Falls City, population 611, sits 50 miles southeast of San Antonio in Karnes County—far from any major arts corridor. Yet over the past six years, at least three new dance studios have opened here, and local dancers are landing acceptances at prestigious national programs that once seemed unreachable from rural Texas.
From Cotton Fields to Cutting-Edge Movement
Drive through Falls City's main stretch and you'll pass the Karnes County Cotton Gin, a handful of family-owned eateries, and—notably—movements. dance. arts., a black-walled studio that opened in 2019 where a feed supply store used to stand. Owner and artistic director Marisol Vega says she started with 22 students. This spring, her enrollment hit 147.
"We're turning kids away now," Vega said. "I never imagined that in Falls City I'd have a waitlist for contemporary technique."

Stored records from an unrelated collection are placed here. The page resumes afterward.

(* Let $m\ge 1$ and let $L$ be either $L'$ or $\mathcal{R}^*$ (notation as in the context). If $a\in\mathcal{R}$ satisfies $Tr(ax)=0$ for all $x\in L$, then $a=0$.
   Context: Let $R=\mathbb{F}_3+u\mathbb{F}_3+u^2\mathbb{F}_3$ with $u^3=1$, i.e. $R=\mathbb{F}_3[u]/(u^3-1)$. For a positive integer $m$, let $\mathcal{R}=\mathbb{F}_{3^m}+u\mathbb{F}_{3^m}+u^2\mathbb{F}_{3^m}=\mathbb{F}_{3^m}[u]/(u^3-1)$. Every element of $\mathcal{R}$ can be written uniquely as $x_1+x_2(u-1)+x_3(u-1)^2$ with $x_1,x_2,x_3\in\mathbb{F}_{3^m}$; it is a unit iff $x_1\neq 0$, and $\mathcal{R}^*$ denotes the group of units. Define $Tr:\mathcal{R}\to R$ by $Tr(a+ub+u^2c)=tr(a)+u\,tr(b)+u^2tr(c)$ for $a,b,c\in\mathbb{F}_{3^m}$, where $tr$ is the absolute trace from $\mathbb{F}_{3^m}$ to $\mathbb{F}_3$. Let $\mathcal{Q}$ be the set of nonzero squares of $\mathbb{F}_{3^m}$ and $L'=\{x_1+x_2(u-1)+x_3(u-1)^2: x_1\in\mathcal{Q},\ x_2,x_3\in\mathbb{F}_{3^m}\}$, a subgroup of index $2$ of $\mathcal{R}^*$. *)

From HB Require Import structures.
From mathcomp Require Import all_boot all_order all_algebra all_field.
Set Implicit Arguments. Unset Strict Implicit. Unset Printing Implicit Defensive.
Import GRing.Theory.
Local Open Scope ring_scope.

(* The ring  calR = F[u]/(u^3 - 1), F = F_{3^m}; an element  a + u b + u^2 c
   is represented by the triple (a, b, c). *)
Definition calR (F : finFieldType) := (F * F * F)%type.

Definition mkR (F : finFieldType) (a b c : F) : calR F := (a, b, c).
Definition c0 (F : finFieldType) (x : calR F) : F := x.1.1.
Definition c1 (F : finFieldType) (x : calR F) : F := x.1.2.
Definition c2 (F : finFieldType) (x : calR F) : F := x.2.

Definition zeroR (F : finFieldType) : calR F := mkR 0 0 0.
Definition oneR (F : finFieldType) : calR F := mkR 1 0 0.
Definition uR (F : finFieldType) : calR F := mkR 0 1 0.
Definition addR (F : finFieldType) (x y : calR F) : calR F :=
  mkR (c0 x + c0 y) (c1 x + c1 y) (c2 x + c2 y).
Definition scaleR (F : finFieldType) (k : F) (x : calR F) : calR F :=
  mkR (k * c0 x) (k * c1 x) (k * c2 x).
(* multiplication using u^3 = 1 *)
Definition mulR (F : finFieldType) (x y : calR F) : calR F :=
  mkR (c0 x * c0 y + c1 x * c2 y + c2 x * c1 y)
      (c0 x * c1 y + c1 x * c0 y + c2 x * c2 y)
      (c0 x * c2 y + c1 x * c1 y + c2 x * c0 y).

Definition uMinus1 (F : finFieldType) : calR F := addR (uR F) (scaleR (-1) (oneR F)).
Definition ofU1 (F : finFieldType) (x1 x2 x3 : F) : calR F :=
  addR (scaleR x1 (oneR F))
   (addR (scaleR x2 (uMinus1 F)) (scaleR x3 (mulR (uMinus1 F) (uMinus1 F)))).

Definition unitR (F : finFieldType) (x : calR F) : Prop :=
  exists y : calR F, mulR x y = oneR F.

Definition nzsquare (F : finFieldType) (x : F) : Prop :=
  exists y : F, y != 0 /\ x = y ^+ 2.

Definition Lprime (F : finFieldType) (x : calR F) : Prop :=
  exists x1 x2 x3 : F, nzsquare x1 /\ x = ofU1 x1 x2 x3.

(* absolute trace F_{3^m} -> F_3, with values viewed inside F
   (the prime subfield F_3 of F) *)
Definition trF (F : finFieldType) (m : nat) (x : F) : F :=
  \sum_(i < m) x ^+ (3 ^ i).

(* Tr : calR -> R = F_3[u]/(u^3-1), with R viewed as a subring of calR *)
Definition TrR (F : finFieldType) (m : nat) (x : calR F) : calR F :=
  mkR (trF m (c0 x)) (trF m (c1 x)) (trF m (c2 x)).

(** The scalars [y^2] lie in both L' (for y != 0) and calR^*, and multiplying
    by a scalar acts coordinatewise, so each coordinate b of a satisfies
    [tr (y^2 b) = 0] for every y in F_{3^m}.  As a function of y this is the
    polynomial [sum_(i < m) b^(3^i) X^(2 3^i)] of degree [2 3^(m-1) < 3^m];
    vanishing on all of F, it is the zero polynomial, and its leading
    coefficient [b^(3^(m-1))] shows b = 0. *)
From mathcomp Require Import all_boot all_order all_algebra all_field.
Set Implicit Arguments. Unset Strict Implicit. Unset Printing Implicit Defensive.
Local Open Scope ring_scope.
Import GRing.Theory.

Section TraceOfSquares.

Variable F : finFieldType.

Lemma trF0 (m : nat) : trF m (0 : F) = 0.
Proof. by rewrite /trF big1 // => i _; rewrite expr0n expn_eq0. Qed.

Definition trF_sqr_poly (m : nat) (b : F) : {poly F} :=
  \sum_(i < m) b ^+ (3 ^ i) *: 'X^(2 * 3 ^ i).

Lemma horner_trF_sqr_poly (m : nat) (b y : F) :
  (trF_sqr_poly m b).[y] = trF m (y ^+ 2 * b).
Proof.
rewrite horner_sum /trF; apply: eq_bigr => i _.
by rewrite hornerZ hornerXn exprMn -exprM mulrC.
Qed.

Lemma size_trF_sqr_poly (n : nat) (b : F) :
  (size (trF_sqr_poly n.+1 b) <= (2 * 3 ^ n).+1)%N.
Proof.
apply: leq_trans (size_sum _ _ _) _; apply/bigmax_leqP => i _.
apply: leq_trans (size_scale_leq _ _) _.
by rewrite size_polyXn ltnS leq_mul2l leq_pexp2l // -ltnS.
Qed.

Lemma coef_trF_sqr_poly_top (n : nat) (b : F) :
  (trF_sqr_poly n.+1 b)`_(2 * 3 ^ n) = b ^+ (3 ^ n).
Proof.
rewrite coef_sum (bigD1 ord_max) //= coefZ coefXn eqxx mulr1 big1 ?addr0 //.
move=> i /eqP i_neq_max; rewrite coefZ coefXn eqn_pmul2l // eqn_exp2l //.
suff /negPf-> : n != i by rewrite mulr0.
by apply/eqP => n_eq_i; apply: i_neq_max; apply: val_inj.
Qed.

Lemma trF_sqr_mul_eq0 (n : nat) (b : F) : (2 * 3 ^ n < #|F|)%N ->
  (forall y : F, trF n.+1 (y ^+ 2 * b) = 0) -> b = 0.
Proof.
move=> small_deg trF_eq0.
have poly_eq0 : trF_sqr_poly n.+1 b = 0.
  apply: (@roots_geq_poly_eq0 _ _ (enum F)); last 1 first.
  - by rewrite -cardE (leq_trans (size_trF_sqr_poly n b)).
  - by apply/allP => y _; rewrite /root horner_trF_sqr_poly trF_eq0.
  - exact: enum_uniq.
have := coef_trF_sqr_poly_top n b; rewrite poly_eq0 coef0 => /esym/eqP.
by rewrite expf_eq0 => /andP[_ /eqP].
Qed.

End TraceOfSquares.

Section ScalarsOfCalR.

Variable F : finFieldType.

Lemma mulR_const (a : calR F) (k : F) : mulR a (mkR k 0 0) = scaleR k a.
Proof.
by rewrite /mulR /scaleR /c0 /c1 /c2 /mkR /= !mulr0 !addr0 !add0r !(mulrC k).
Qed.

Lemma Lprime_const_sqr (y : F) : y != 0 -> Lprime (mkR (y ^+ 2) 0 0).
Proof.
move=> y_neq0; exists (y ^+ 2), 0, 0; split; first by exists y.
by rewrite /ofU1 /addR /scaleR /c0 /c1 /c2 /mkR /= !mul0r !mulr0 !mulr1 !addr0.
Qed.

Lemma unitR_const (k : F) : k != 0 -> unitR (mkR k 0 0).
Proof.
move=> k_neq0; exists (mkR k^-1 0 0).
by rewrite mulR_const /scaleR /c0 /c1 /c2 /mkR /oneR /= mulVf // !mulr0.
Qed.

End ScalarsOfCalR.

Theorem lemma3p1 (F : finFieldType) (m : nat) (hm : (1 <= m)%N)
  (hF : #|F| = (3 ^ m)%N) (useLprime : bool) (a : calR F) :
  (forall x : calR F,
     (if useLprime then Lprime x else unitR x) ->
     TrR m (mulR a x) = zeroR F) ->
  a = zeroR F.
Proof.
move=> TrR_eq0.
have TrR_sqr_eq0 (y : F) : TrR m (scaleR (y ^+ 2) a) = zeroR F.
  have [->|y_neq0] := eqVneq y 0.
    by rewrite /TrR /scaleR /c0 /c1 /c2 /mkR /= expr0n /= !mul0r trF0.
  rewrite -mulR_const; apply: TrR_eq0; case: useLprime.
  - exact: Lprime_const_sqr.
  - by apply: unitR_const; rewrite expf_neq0.
case: m hm hF TrR_eq0 TrR_sqr_eq0 => // n _ hF _ TrR_sqr_eq0.
have small_deg : (2 * 3 ^ n < #|F|)%N by rewrite hF expnS ltn_mul2r expn_gt0.
case: a TrR_sqr_eq0 => [[a0 a1] a2] TrR_sqr_eq0.
rewrite /zeroR /mkR; congr (_, _, _); apply: (trF_sqr_mul_eq0 small_deg) => y;
  by case: (TrR_sqr_eq0 y).
Qed.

The growth isn't limited to one studio. Divinity Dance Center expanded from a single room to three in 2021, adding two contemporary-focused instructors. A third studio, Falls City Dance Project, launched in 2022 specifically for pre-professional training. All three now send students annually to regional Youth America Grand Prix (YAGP) competitions and National Dance Honors conventions—events that, until recently, drew almost exclusively from San Antonio and Austin studios.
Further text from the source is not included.